### What you need to do
Below are several entries. Transcribe exactly those lines that fall from the one with "all: rewrite /e3c_adj" through the one with "path_family u v n P ->", end lines included.

### Input records
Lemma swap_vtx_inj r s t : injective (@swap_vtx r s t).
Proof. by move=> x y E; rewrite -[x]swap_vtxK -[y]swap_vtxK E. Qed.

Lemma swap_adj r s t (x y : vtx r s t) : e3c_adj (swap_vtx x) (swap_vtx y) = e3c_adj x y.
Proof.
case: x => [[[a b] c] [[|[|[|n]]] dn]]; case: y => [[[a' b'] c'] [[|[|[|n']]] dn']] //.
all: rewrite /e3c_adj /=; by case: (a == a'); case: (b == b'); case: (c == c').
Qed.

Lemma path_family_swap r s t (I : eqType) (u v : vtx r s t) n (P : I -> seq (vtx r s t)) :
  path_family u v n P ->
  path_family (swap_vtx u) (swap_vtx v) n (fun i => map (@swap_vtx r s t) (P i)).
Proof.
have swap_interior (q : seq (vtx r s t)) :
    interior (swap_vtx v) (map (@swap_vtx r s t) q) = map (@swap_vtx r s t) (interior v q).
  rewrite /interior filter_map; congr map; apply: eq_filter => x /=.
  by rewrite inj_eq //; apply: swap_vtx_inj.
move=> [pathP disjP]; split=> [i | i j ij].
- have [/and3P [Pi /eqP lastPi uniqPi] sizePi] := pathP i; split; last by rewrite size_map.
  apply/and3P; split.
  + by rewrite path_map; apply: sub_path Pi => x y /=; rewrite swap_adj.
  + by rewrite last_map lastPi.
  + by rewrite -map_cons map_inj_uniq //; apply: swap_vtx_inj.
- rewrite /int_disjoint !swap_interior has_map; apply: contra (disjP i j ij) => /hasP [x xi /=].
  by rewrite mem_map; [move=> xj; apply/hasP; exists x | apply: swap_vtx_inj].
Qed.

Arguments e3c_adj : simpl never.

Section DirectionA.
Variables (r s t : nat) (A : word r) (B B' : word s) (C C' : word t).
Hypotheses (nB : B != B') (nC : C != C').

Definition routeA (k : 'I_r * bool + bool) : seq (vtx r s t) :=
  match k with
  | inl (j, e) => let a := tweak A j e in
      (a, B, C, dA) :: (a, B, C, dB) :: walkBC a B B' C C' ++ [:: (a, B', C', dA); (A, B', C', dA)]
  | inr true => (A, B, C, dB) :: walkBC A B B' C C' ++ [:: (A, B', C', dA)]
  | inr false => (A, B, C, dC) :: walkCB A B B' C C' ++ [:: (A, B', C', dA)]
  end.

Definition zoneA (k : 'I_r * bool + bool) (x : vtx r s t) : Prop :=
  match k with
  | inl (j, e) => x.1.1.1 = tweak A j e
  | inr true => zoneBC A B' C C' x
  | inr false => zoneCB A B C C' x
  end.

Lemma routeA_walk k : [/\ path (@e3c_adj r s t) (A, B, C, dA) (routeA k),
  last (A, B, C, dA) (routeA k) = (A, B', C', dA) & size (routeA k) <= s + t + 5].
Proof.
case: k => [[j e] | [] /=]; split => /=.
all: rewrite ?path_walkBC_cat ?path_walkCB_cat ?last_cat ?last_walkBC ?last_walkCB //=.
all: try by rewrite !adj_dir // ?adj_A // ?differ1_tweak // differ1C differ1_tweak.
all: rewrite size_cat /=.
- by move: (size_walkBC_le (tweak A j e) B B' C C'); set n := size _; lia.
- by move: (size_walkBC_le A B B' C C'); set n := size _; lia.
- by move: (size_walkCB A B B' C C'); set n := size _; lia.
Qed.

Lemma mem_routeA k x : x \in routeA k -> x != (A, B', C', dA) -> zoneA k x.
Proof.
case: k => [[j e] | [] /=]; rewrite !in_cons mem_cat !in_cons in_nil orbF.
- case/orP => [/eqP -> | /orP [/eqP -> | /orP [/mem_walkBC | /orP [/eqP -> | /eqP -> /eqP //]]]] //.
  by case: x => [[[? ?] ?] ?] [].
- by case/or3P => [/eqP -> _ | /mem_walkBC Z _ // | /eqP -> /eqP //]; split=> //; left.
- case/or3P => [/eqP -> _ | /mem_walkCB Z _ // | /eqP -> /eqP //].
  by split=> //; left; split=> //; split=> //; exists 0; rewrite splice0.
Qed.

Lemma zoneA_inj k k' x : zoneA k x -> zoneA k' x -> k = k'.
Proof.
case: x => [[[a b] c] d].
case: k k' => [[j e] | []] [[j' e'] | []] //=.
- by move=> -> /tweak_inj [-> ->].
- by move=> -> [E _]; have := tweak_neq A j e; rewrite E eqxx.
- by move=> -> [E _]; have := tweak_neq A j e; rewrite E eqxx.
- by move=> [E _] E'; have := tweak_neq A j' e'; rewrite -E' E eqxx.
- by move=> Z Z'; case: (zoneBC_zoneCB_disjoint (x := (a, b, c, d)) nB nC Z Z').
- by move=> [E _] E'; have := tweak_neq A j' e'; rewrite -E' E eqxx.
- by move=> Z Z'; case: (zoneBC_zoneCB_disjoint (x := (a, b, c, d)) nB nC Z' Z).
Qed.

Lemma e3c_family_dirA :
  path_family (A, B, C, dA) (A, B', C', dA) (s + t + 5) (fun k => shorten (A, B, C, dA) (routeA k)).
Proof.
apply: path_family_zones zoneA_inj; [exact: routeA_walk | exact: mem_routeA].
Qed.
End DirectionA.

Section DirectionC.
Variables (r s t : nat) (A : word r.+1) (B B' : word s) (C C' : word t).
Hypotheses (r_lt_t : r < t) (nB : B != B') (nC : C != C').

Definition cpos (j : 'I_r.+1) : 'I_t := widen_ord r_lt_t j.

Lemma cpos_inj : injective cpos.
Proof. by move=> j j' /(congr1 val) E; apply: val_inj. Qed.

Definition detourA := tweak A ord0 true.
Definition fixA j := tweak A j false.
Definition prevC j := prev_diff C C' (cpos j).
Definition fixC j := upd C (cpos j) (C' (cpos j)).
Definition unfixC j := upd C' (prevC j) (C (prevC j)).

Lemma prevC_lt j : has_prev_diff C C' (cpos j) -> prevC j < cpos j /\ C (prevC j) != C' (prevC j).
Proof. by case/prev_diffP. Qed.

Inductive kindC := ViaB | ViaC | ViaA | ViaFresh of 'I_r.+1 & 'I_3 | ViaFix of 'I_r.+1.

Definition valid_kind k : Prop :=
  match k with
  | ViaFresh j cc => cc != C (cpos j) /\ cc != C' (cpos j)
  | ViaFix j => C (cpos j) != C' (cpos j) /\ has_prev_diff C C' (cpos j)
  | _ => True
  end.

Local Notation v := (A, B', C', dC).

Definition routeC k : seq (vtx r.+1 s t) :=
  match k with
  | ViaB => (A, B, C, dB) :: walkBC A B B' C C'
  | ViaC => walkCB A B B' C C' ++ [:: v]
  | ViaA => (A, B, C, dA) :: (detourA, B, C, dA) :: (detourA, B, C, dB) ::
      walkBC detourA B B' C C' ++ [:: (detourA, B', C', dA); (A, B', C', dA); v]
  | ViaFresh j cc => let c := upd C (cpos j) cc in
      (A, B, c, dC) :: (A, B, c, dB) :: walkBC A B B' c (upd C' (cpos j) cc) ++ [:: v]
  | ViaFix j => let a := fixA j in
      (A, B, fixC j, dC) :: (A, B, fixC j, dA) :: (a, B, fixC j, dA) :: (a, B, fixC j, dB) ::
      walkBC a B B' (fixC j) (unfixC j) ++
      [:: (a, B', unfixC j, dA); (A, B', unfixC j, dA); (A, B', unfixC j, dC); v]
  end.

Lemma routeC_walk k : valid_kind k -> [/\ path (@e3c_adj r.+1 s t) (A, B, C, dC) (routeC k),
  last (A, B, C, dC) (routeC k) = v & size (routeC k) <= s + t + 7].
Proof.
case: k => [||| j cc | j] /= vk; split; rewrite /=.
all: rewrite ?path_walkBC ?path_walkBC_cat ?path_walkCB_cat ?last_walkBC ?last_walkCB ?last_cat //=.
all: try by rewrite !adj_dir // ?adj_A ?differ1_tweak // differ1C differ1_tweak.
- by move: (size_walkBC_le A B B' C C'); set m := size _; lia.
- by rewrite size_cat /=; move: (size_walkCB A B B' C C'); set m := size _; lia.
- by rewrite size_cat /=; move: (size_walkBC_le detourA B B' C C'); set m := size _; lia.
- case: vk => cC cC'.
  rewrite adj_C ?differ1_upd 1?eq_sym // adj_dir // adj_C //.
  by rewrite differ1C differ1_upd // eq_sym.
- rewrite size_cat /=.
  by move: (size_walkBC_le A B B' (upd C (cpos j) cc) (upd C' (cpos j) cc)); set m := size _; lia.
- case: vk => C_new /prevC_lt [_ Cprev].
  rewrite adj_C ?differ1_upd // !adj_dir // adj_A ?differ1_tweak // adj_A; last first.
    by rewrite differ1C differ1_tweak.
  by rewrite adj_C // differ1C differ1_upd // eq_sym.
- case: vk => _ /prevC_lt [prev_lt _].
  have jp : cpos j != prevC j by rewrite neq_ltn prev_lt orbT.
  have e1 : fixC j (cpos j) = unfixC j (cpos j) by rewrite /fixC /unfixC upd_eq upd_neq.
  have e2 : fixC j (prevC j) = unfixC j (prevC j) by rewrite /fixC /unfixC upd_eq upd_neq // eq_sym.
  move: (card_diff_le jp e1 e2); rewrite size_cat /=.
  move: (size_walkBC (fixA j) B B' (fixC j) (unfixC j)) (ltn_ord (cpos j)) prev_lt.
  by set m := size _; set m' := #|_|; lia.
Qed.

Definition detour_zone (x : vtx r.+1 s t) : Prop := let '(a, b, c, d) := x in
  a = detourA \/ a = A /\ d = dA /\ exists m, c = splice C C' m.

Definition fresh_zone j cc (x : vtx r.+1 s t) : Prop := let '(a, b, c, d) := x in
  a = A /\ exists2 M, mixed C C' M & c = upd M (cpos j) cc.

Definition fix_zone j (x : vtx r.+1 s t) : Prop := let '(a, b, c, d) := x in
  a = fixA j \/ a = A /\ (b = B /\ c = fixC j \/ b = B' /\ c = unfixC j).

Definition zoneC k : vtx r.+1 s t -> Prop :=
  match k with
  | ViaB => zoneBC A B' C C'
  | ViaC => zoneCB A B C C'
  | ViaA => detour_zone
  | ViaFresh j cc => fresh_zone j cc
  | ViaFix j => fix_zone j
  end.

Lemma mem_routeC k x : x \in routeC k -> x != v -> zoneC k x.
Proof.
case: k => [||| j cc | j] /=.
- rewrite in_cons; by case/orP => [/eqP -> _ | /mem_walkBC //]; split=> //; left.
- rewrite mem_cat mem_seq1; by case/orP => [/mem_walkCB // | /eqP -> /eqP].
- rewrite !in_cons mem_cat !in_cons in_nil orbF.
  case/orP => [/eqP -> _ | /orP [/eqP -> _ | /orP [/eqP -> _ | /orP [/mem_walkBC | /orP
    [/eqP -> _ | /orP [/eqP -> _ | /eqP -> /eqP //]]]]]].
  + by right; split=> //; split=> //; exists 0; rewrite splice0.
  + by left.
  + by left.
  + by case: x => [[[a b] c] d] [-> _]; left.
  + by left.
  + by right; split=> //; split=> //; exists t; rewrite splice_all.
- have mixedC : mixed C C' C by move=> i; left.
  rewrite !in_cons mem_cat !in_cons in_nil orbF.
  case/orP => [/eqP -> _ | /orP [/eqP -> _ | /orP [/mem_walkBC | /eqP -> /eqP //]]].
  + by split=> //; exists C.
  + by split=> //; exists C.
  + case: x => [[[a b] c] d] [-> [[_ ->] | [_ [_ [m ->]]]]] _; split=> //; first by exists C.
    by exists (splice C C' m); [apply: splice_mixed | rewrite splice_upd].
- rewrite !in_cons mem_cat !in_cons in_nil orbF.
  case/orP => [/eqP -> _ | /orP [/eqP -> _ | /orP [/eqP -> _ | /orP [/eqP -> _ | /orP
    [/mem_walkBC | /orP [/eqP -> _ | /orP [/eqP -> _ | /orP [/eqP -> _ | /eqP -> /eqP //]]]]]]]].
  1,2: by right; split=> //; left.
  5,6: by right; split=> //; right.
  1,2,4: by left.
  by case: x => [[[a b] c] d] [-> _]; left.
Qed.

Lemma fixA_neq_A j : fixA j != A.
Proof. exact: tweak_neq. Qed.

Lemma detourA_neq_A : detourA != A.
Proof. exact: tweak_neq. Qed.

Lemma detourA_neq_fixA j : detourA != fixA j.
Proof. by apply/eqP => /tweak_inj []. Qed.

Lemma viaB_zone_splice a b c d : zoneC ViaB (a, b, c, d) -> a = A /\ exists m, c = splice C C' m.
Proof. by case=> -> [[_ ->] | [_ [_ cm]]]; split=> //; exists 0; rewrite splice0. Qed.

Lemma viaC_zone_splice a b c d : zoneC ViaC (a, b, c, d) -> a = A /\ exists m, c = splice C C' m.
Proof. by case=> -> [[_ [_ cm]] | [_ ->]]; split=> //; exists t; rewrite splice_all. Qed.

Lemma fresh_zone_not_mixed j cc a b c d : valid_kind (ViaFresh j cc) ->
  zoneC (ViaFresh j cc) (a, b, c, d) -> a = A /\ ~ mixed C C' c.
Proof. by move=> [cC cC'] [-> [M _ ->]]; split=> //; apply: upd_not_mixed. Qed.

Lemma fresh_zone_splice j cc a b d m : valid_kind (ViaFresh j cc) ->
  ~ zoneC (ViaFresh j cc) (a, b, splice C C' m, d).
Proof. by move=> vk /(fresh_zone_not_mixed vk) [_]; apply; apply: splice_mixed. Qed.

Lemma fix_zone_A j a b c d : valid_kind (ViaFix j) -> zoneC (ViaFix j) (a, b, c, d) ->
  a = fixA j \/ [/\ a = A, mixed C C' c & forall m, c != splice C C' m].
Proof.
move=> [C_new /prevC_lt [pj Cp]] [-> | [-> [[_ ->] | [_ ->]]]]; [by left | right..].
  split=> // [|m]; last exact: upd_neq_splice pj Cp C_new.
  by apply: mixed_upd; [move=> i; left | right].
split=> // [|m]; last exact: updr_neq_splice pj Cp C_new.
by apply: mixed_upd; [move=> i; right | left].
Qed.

### The completed task
all: rewrite /e3c_adj /=; by case: (a == a'); case: (b == b'); case: (c == c').
Qed.

Lemma path_family_swap r s t (I : eqType) (u v : vtx r s t) n (P : I -> seq (vtx r s t)) :
  path_family u v n P ->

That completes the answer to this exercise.